Upon research of the div command, it stores the result of the remainder from the calculation, eax div ecx, in the edx register. Essentially what this means is that edx = eax mod ecx .

We know from earlier that strlen was called on the entered string. This was stored in the register eax. The lea command makes ecx = len(string) + 1 which I double checked with GDB.

One extra thing to note is that the running total from the loop stored in edx is now moved to eax.

So now the puzzle is complete, in summary, this function computes the sum of the differences in adjacent characters \mod len(string) + 1 . This value is then compared to the length of the string in main.
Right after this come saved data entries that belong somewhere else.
(* Above degree N, subtracting a translate of an element of degree N lowers the degree. *)
Lemma span_of_degree d m : W d m -> P m -> span H t m.
Proof.
elim: d m => [|d IHd] m; first exact: span_low_degree.
have [dN | Nd] := leqP d N; first exact: span_low_degree.
move=> /W_split [v [w [Vv Ww ->]]] Pm.
have [_ [w' Ww' Pm']] : lead_coefs N v by apply: (@leadN d); split=> //; exists w.
set m' := gact (X N) v + w' in Pm'.
have sm' : span H t m'.
  apply: span_low_degree (leqnn _) _ Pm'; apply: spanD; first exact: W_lead.
  exact: W_mono (leqnSn N) Ww'.
set j := (d - N)%N.
have eX : gact (X j) m' = gact (X d) v + gact (X j) w'.
  by rewrite gact_add -gact_mul -expgnDr subnK // ltnW.
have Pm'' : P (gact (X j) m') := submod_act subP (HX j) Pm'.
rewrite -[_ + w](subrK (gact (X j) m')); apply: spanD; last exact: (span_gact (HX j)).
apply: IHd; last exact: (submodB subP).
rewrite eX [_ + w]addrC addrKA; apply: spanB => //.
by have := @W_act j _ _ Ww'; rewrite subnK // ltnW.
Qed.

End LeadingCoefficients.

Lemma noetherian_cyclic_ext : noetherian H (span H s).
Proof.
move=> P subP Ps; have [N leadN] := lead_coefs_stable subP.
have subQ := submodI (submod_sub KH subP) (span_submod K (xtranslates N.+1)).
have [t tQ Qt] := @noethK (xtranslates N.+1) _ subQ (fun z => @proj2 _ _).
have genN m : W N.+1 m -> P m -> span K t m by move=> Wm Pm; apply: Qt.
exists t => [y /tQ [] // | z Pz]; have [a [d Wz]] := W_of_span (Ps z Pz).
rewrite -(gactK (X a) z); apply: span_gact; first exact: subgroupV.
by apply: (span_of_degree subP leadN genN Wz); apply: (submod_act subP).
Qed.

End CyclicExtension.

Definition setTg {G : groupType} : G -> Prop := fun _ => True.

Section VirtuallyPolycyclic.
Variables (G : groupType) (M : gmodule G).

Lemma fg_noetherian_step H K :
  cyclic_normal_step H K -> fg_noetherian M K -> fg_noetherian M H.
Proof.
move=> [subH _ KH normK [x Hx genH]] noethK s.
exact: (noetherian_cyclic_ext subH KH normK Hx genH noethK).
Qed.

Lemma fg_noetherian_polycyclic H : polycyclic_subgroup H -> fg_noetherian M H.
Proof.
move=> [n [S [S0 Sn Sstep]]]; apply: fg_noetherian_eq S0 _.
suff noethS i : (i <= n)%N -> fg_noetherian M (S (n - i)%N).
  by rewrite -(subnn n); apply: noethS.
elim: i => [_ s|i IHi lt_in].
  by rewrite subn0; apply: noetherian_span_trivial => h /Sn.
rewrite -(subnSK lt_in) in IHi *; apply: fg_noetherian_step (IHi (ltnW lt_in)).
by apply: Sstep; rewrite subnSK // leq_subr.
Qed.

Lemma span_finite_index H (s : seq M) : is_subgroup H -> finite_index H ->
  exists s', forall m, span setTg s m -> span H s' m.
Proof.
move=> subH [r cosets]; exists [seq gact t^-1%g y | t <- r, y <- s].
set s' := [seq _ | _ <- _, _ <- _].
have s'G g y : y \in s -> span H s' (gact g y).
  move=> ys; have [t tr Ht] := cosets g^-1%g.
  have -> : g = ((t^-1 * g^-1)^-1 * t^-1)%g by rewrite invgM !invgK mulgK.
  rewrite gact_mul; apply: span_gact; first exact: subgroupV.
  by apply: span_mem; apply/allpairsP; exists (t, y).
have span_s'G u : span H s' u -> forall g, span H s' (gact g u).
  move=> su; apply: (su (fun u => forall g, span H s' (gact g u))).
    split=> [g|u1 u2 s1 s2 g|h u1 _ s1 g]; rewrite ?gact0 ?gactB -?gact_mul.
    - exact: span0.
    - exact: spanB.
    - exact: s1.
  by move=> _ /allpairsP [[t y] [_ ys ->]] g; rewrite -gact_mul; apply: s'G.
move=> m; apply=> [|y ys]; last by rewrite -[y]gact_one; apply: s'G.
split=> [|u v su sv|g u _ su]; [exact: span0 | exact: spanB | exact: span_s'G].
Qed.

Lemma fg_noetherian_finite_index H : is_subgroup H -> finite_index H ->
  fg_noetherian M H -> fg_noetherian M setTg.
Proof.
move=> subH fiH noethH s P subP Ps; have [s' ss'] := span_finite_index s subH fiH.
have [||t tP Pt] := noethH s' P; first exact: submod_sub subP.
  by move=> z /Ps /ss'.
by exists t => // z /Pt; apply: span_sub.
Qed.

Lemma noetherian_fin_gen : virtually_polycyclic G -> gmod_fin_gen M ->
  noetherian setTg (fun _ : M => True).
Proof.
move=> [H [subH fiH pcH]] [s gen] P subP _.
have noethG := fg_noetherian_finite_index subH fiH (fg_noetherian_polycyclic pcH).
apply: (noethG s P subP) => m _; have [r ->] := gen m.
apply: (submod_sum (span_submod _ _)) => -[[n g] i] /=.
apply: spanMz; apply: span_gact => //.
have [lt_is | le_si] := ltnP i (size s); first by apply: span_mem; apply: mem_nth.
by rewrite nth_default //; apply: span0.
Qed.

End VirtuallyPolycyclic.

(** * Uniform dimension *)

Section UniformDimension.
Variables (G : groupType) (M : gmodule G).
Implicit Types (N U X Y : M -> Prop) (A : nat -> M -> Prop).
Local Notation submod := (is_submod setTg).

Definition nonzero (P : M -> Prop) := exists2 z, P z & z != 0.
If the values are equal, then it is a correct password.

Using mathematics, we can heavily simplify the condition to just:

Any string of length n, c1 c2 ... cn, where:

\[( ASCII(c_n) - ASCII(c_1) ) \mod (n+1) == n\]

Where $ASCII(·)$ gives the ASCII number of a character.

Note that the string can also consist of unprintable characters and still be accepted, for example the string with two hex characters, "\x26\x28", will be accepted by the program.

So overall a final solution could be the number 35. A program to generate a lot of solutions can be given by the following Python code, note that I do not include non printable characters in this. 

      import sys
      import string
      from itertools import chain, product

      def bruteforce(charset, maxlength):
          return (''.join(candidate)
                  for candidate in chain.from_iterable(product(charset, repeat=i)
      	            for i in range(1, maxlength + 1)))
      		    LENGTH = 5
      		    string = string.printable
      		    for attempt in bruteforce(string, LENGTH):
      		    	if (ord(attempt[-1]) -ord(attempt[0])) % (len(attempt) + 1)== len(attempt):
      					print(attempt)